EDIT: it seems implied by a response to this post that a proof of this fact does actually exist, but I've yet to see the proof or any intuition for the proof – so what is it?
OP:
According to a Wikipedia article on the Gamma Function, given a fixed integer $m$ and increasing integer $n$:
$$\lim_{n\to \infty} \frac{n!}{(n + m)!} \cdot (n + 1)^m = 1$$
I understand this part, however the article proceeds to say that (emphasis mine) "we do get a unique extension of the factorial function to the non-integers by insisting that this equation continue to hold when the arbitrary $m$ is replaced by an arbitrary complex number $z$."

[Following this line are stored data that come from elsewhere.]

(* Let $\mathcal V$ be a multivector field on $X$, assume $X$ is invariant, and let $\mathcal M=\{M_p\mid p\in\mathbb P\}$ be a Morse decomposition of $X$ indexed by a finite poset $(\mathbb P,\le)$. If $I\subset\mathbb P$ is convex, then $(M(I^{\le}),M(I^{<}))$ is an index pair for the isolated invariant set $M(I)$.
   Context: $X$ is a finite $T_0$ topological space. For $A\subset X$, $\operatorname{cl}A$ is its closure and $\operatorname{mo}A:=\operatorname{cl}A\setminus A$. $A$ is locally closed if it is the intersection of an open and a closed subset of $X$. $H$ denotes relative singular homology. A multivector is a nonempty locally closed subset of $X$; a multivector field $\mathcal V$ on $X$ is a partition of $X$ into multivectors. For $x\in X$, $[x]$ denotes the element of $\mathcal V$ containing $x$. A multivector $V$ is critical if $H(\operatorname{cl}V,\operatorname{mo}V)\neq0$, regular otherwise. $A\subset X$ is $\mathcal V$-compatible if for every $x\in X$ either $[x]\cap A=\emptyset$ or $[x]\subset A$. Put $\Pi_{\mathcal V}(x):=[x]\cup\operatorname{cl}\{x\}$ and $\Pi_{\mathcal V}(A):=\bigcup_{x\in A}\Pi_{\mathcal V}(x)$. A $\mathbb Z$-interval is $\mathbb Z\cap I$ for a real interval $I$. A solution in $A\subset X$ is a map $\varphi:D\to A$ on a $\mathbb Z$-interval $D$ with $\varphi(i+1)\in\Pi_{\mathcal V}(\varphi(i))$ whenever $i,i+1\in D$; it is full if $D=\mathbb Z$, and a path if $D$ is bounded, its endpoints being $\varphi(\min D)$ and $\varphi(\max D)$. A full solution $\varphi$ is essential if for every $t\in\mathbb Z$ with $[\varphi(t)]$ regular, the set $\{s\in\mathbb Z:\varphi(s)\notin[\varphi(t)]\}$ is unbounded below and unbounded above. $\operatorname{Inv}A$ is the set of $x\in A$ such that there is an essential full solution $\varphi$ with image in $A$ and $\varphi(0)=x$; $A$ is invariant if $\operatorname{Inv}A=A$. A closed set $N$ isolates an invariant set $S\subset N$ if (a) every path in $N$ with both endpoints in $S$ has image contained in $S$, and (b) $\Pi_{\mathcal V}(S)\subset N$. An invariant set is an isolated invariant set if some closed set isolates it. For a full solution $\varphi$: $\operatorname{uim}^-\varphi:=\bigcap_{t\le0}\varphi((-\infty,t])$, $\operatorname{uim}^+\varphi:=\bigcap_{t\ge0}\varphi([t,\infty))$; the $\mathcal V$-hull $\langle A\rangle_{\mathcal V}$ is the intersection of all $\mathcal V$-compatible locally closed sets containing $A$; $\alpha(\varphi):=\langle\operatorname{uim}^-\varphi\rangle_{\mathcal V}$, $\omega(\varphi):=\langle\operatorname{uim}^+\varphi\rangle_{\mathcal V}$. For invariant $X$ and a finite poset $(\mathbb P,\le)$, a family $\mathcal M=\{M_p\mid p\in\mathbb P\}$ is a Morse decomposition of $X$ if (i) the $M_p$ are mutually disjoint isolated invariant subsets of $X$, and (ii) for every essential full solution $\varphi$ in $X$ either $\operatorname{im}\varphi\subset M_r$ for some $r\in\mathbb P$, or there exist $p,q\in\mathbb P$ with $q>p$, $\alpha(\varphi)\subset M_q$ and $\omega(\varphi)\subset M_p$. For $A,B\subset X$ the connection set $C(A,B)$ is the set of $x\in X$ for which there is an essential full solution $\varphi$ in $X$ with $\varphi(0)=x$, $\alpha(\varphi)\subset A$, $\omega(\varphi)\subset B$. For $I\subset\mathbb P$, $M(I):=\bigcup_{i,j\in I}C(M_i,M_j)$ (an isolated invariant set). $I$ is convex if $a\le b\le c$ with $a,c\in I$ implies $b\in I$; $I^{\le}:=\{a\in\mathbb P:\exists b\in I,\ a\le b\}$ and $I^<:=I^{\le}\setminus I$. An index pair for an isolated invariant set $S$ is a pair $(P_1,P_2)$ of closed subsets of $X$ with $P_2\subset P_1$ such that (IP1) if $x\in P_2$ and $y\in\Pi_{\mathcal V}(x)\cap P_1$ then $y\in P_2$; (IP2) if $x\in P_1$ and $\Pi_{\mathcal V}(x)\setminus P_1\neq\emptyset$ then $x\in P_2$; (IP3) $S=\operatorname{Inv}(P_1\setminus P_2)$. *)

From HB Require Import structures.
From mathcomp Require Import all_boot all_order all_algebra.
From Stdlib Require Import ClassicalEpsilon.
Set Implicit Arguments. Unset Strict Implicit. Unset Printing Implicit Defensive.
Import Order.TTheory GRing.Theory Num.Theory.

$$\lim_{n\to \infty} \frac{n!}{(n + z)!} \cdot (n + 1)^z = 1, \forall z\in \mathbb{C} \space \ldots?$$
It seems to me that "insisting" is logically and mathematically weak. Why do mathematicians here get to insist this without explicitly proving it, especially considering how this result is used later in another proof? How does one know whether something is even fair to insist, without proof? It doesn't seem like an axiom or anything inherently assumable…
Thanks.
Best Answer
What the article means is there is a theorem, whose proof they haven't presented to you yet, that at least one generalization of the factorial function satisfies the desired condition. In fact, it's unique. There are also other theorems that highlight how this function is unique.